Today's Editorial

Today's Editorial - 22 October 2022

Hijab verdict and the Bijoe Emmanuel case

Source: By The Indian Express

The Supreme Court 13 October 2022 delivered a split verdict in the Karnataka hijab ban case, directing the matter to be placed before the Chief Justice of India for appropriate directions.

While Justice Hemant Gupta dismissed the appeals challenging the Karnataka High Court order, Justice Sudhanshu Dhulia allowed them. In his judgment, Justice Dhulia referred to the Bijoe Emmanuel case, saying it “squarely covers the issue”.

“The main thrust of my judgment is that this entire concept of essential religious practices, in my opinion, was not essential to the disposal of the dispute. And the Court probably took a wrong path there. It was simply a question of Article 19(1)(a) and 25(1). It is ultimately a matter of choice. Nothing more, nothing less. I have also held that the ratio laid down by the Supreme Court in the case of Bijoe Emmanuel squarely covers the issue,” Justice Dhulia was quoted by LiveLaw as saying.

“The thing which was uppermost in mind was the education of girl children. It is a common knowledge that a girl child primarily in rural and semi-rural areas has a lot of difficulties, they have to do daily chores before she goes to school. There are other difficulties as well. Are we making her life any better?. That was also a question in my mind,” he added.

Bijoe Emmanuel verdict

In August 1986, a Supreme Court bench of Justices O Chinnappa Reddy and M M Dutt had, in Bijoe Emmanuel & Ors vs State Of Kerala & Ors, granted protection to three children of the Jehovah’s Witness sect, who didn’t join in the singing of the national anthem at their school. The court held that forcing the children to sing the anthem violated their fundamental right to religion.

The children’s father, VJ Emannuel, had pleaded that for Jehovah’s Witnesses, only Jehovah should be worshiped. Since the national anthem was a prayer, his children would stand up in respect when it was playing, but their faith did not allow them to sing it.

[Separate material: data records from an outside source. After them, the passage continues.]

(* A trivial fibration of 2Cat is surjective on objects: biessential
   surjectivity gives an equivalence [y -> p x0] (the pseudo-inverse of one
   [p x0 -> y]), and the source of a lift of it lies over [y]. *)
Lemma trivfib_surjective_ob (X Y : TwoCat) (p : TwoFun X Y) :
  lack_fibration (pfun_of p) -> biequivalence (pfun_of p) ->
  forall y, exists x, fo p x = y.
Proof.
  intros [L1 _] [B1 _] y; unfold pfun_of, pre2_of in *; cbn in *.
  destruct (B1 y) as (x0 & g & e1 & e2 & (g' & a & b & k1 & k2 & h1 & h2)).
  destruct (iso_cell_sym h1) as [ai hai]; destruct (iso_cell_sym h2) as [bi hbi].
  destruct (L1 x0 g') as (a0 & q1 & q2 & q3); [exact (eq_trans k2 e1)| |].
  - exists g, bi, ai; split; [congruence|split; [congruence|split]].
    + rewrite k1; exact hbi.
    + rewrite k2; exact hai.
  - exists (msrc a0); rewrite <- f_msrc, q3; exact (eq_trans k1 e2).
Qed.

(* ... and locally surjective on morphisms: a morphism [g] is isomorphic to
   some [F f], and lifting the inverse isomorphism gives a 2-cell whose source
   is sent exactly to [g]. *)
Lemma trivfib_surjective_mor (X Y : TwoCat) (p : TwoFun X Y) :
  lack_fibration (pfun_of p) -> biequivalence (pfun_of p) ->
  forall x x' g, msrc g = fo p x -> mtgt g = fo p x' ->
    exists f, msrc f = x /\ mtgt f = x' /\ fm p f = g.
Proof.
  intros [_ L2] [_ [B2 _]] x x' g e1 e2; unfold pfun_of, pre2_of in *; cbn in *.
  destruct (B2 x x' g e1 e2) as (f & b & q1 & q2 & I).
  destruct (iso_cell_sym I) as [bi [[_ [bs bt]] Hi]].
  destruct (L2 f bi bt Hi) as (al & r1 & r2 & r3).
  destruct (tc_laws X).
  exists (csrc al); split; [rewrite l_cell_par_src, r1; auto|].
  split; [rewrite l_cell_par_tgt, r1; auto|].
  rewrite <- f_csrc, r3; exact bs.
Qed.

Lemma VHDbl_cv_idc (X : TwoCat) (f : cell2 X) :
  @VCell_wf (HDbl X) (mkVCell f f (idc (csrc f)) (idc (ctgt f))).
Proof.
  apply VCell_wf_HDbl; unfold vsquare_wf; destruct (tc_laws X); simpl.
  rewrite l_vcomp_idl, l_vcomp_idr, l_idc_src, l_idc_tgt; repeat split; auto.
Qed.

Lemma VHDbl_cv_vcomp (X : TwoCat) (a b : VCell (cell2 X)) :
  @VCell_wf (HDbl X) a -> @VCell_wf (HDbl X) b -> vb a = va b ->
  @VCell_wf (HDbl X) (mkVCell (va a) (vb b) (vcomp (vs0 a) (vs0 b)) (vcomp (vs1 a) (vs1 b))).
Proof.
  destruct a as [a1 a2 a3 a4], b as [b1 b2 b3 b4]; rewrite !VCell_wf_HDbl; unfold vsquare_wf.
  intros (wa1 & wa2 & wa3 & wa4 & wa5 & wa6 & wa7) (wb1 & wb2 & wb3 & wb4 & wb5 & wb6 & wb7) e;
    simpl in *; subst b1; destruct (tc_laws X).
  rewrite !l_vcomp_src, !l_vcomp_tgt by congruence.
  repeat split; try congruence.
  (* pasting the two commuting squares *)
  rewrite l_vcomp_assoc, wb7, <- l_vcomp_assoc, wa7, l_vcomp_assoc by congruence; auto.
Qed.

The court had also said that while the Kerala High Court in the matter had examined whether or not the national anthem contained any “word or thought… which could offend anyone’s religious susceptibilities”, it had “misdirected itself”, because “that is not the question at all”.

What was the case?

In 1985, in Kidangoor in Kottayam district, siblings Bijoe Emmanuel, aged 15 and studying in Class X, Binu and Bindu, 14 and 10, studying in Class IX and V respectively, were suspended from their school after a complaint that they didn’t sing the national anthem.

The three were students of NSS High School, run by the Hindu organisation Nair Service Society. The school had 11 students from the Jehovah’s Witnesses religious sect at the time.

Their parents, college professor V J Emmanuel and mother Lillikutty moved the high court, where a single bench rejected the plea. Their re-appeal also failed, after which they went to the Supreme Court and received a favourable verdict.

After the win in the court, the three Emmanuel children came back to the school for just one day. The family then decided not to continue with formal education for any of their seven children. Their father has said, “I went to court not to protect the right of my children to study in a school. It was meant for freedom of worship of all members of Jehovah’s Witnesses.” Some of the other students from that sect also moved to other schools.

What else did the court say?

The Supreme Court in the Bijoe Emmanuel case had made other pertinent remarks on freedom of speech and expression and the right to practise and propagate one’s religion.

Article 25 [right to practise and propogate your religion] is an article of faith in the Constitution, incorporated in recognition of the principle that the real test of a true democracy is the ability of even an insignificant minority to find its identity under the country’s Constitution. This has to be borne in mind in interpreting Art. 25, the court had said. The SC also said that “our tradition teaches tolerance; our philosophy preaches tolerance; our constitution practises tolerance”.

“We are satisfied, in the present case, that the expulsion of the three children from the school for the reason that because of their conscientiously held religious faith, they do not join the singing of the National Anthem in the morning assembly though they do stand up respectfully when the Anthem is sung, is a violation of their Fundamental Right to freedom of conscience and freely to profess, practise and propagate religion…”

“We, therefore, find that the Fundamental Rights of the appellants under Art. 19(1)(a) and 25(1) have been infringed and they are entitled to be protected. We allow the appeal, set aside the judgment of the High Court and direct the respondent authorities to re-admit the children into the school… We only wish to add: our tradition teaches tolerance; our philosophy preaches tolerance; our constitution practises tolerance; let us not dilute it.”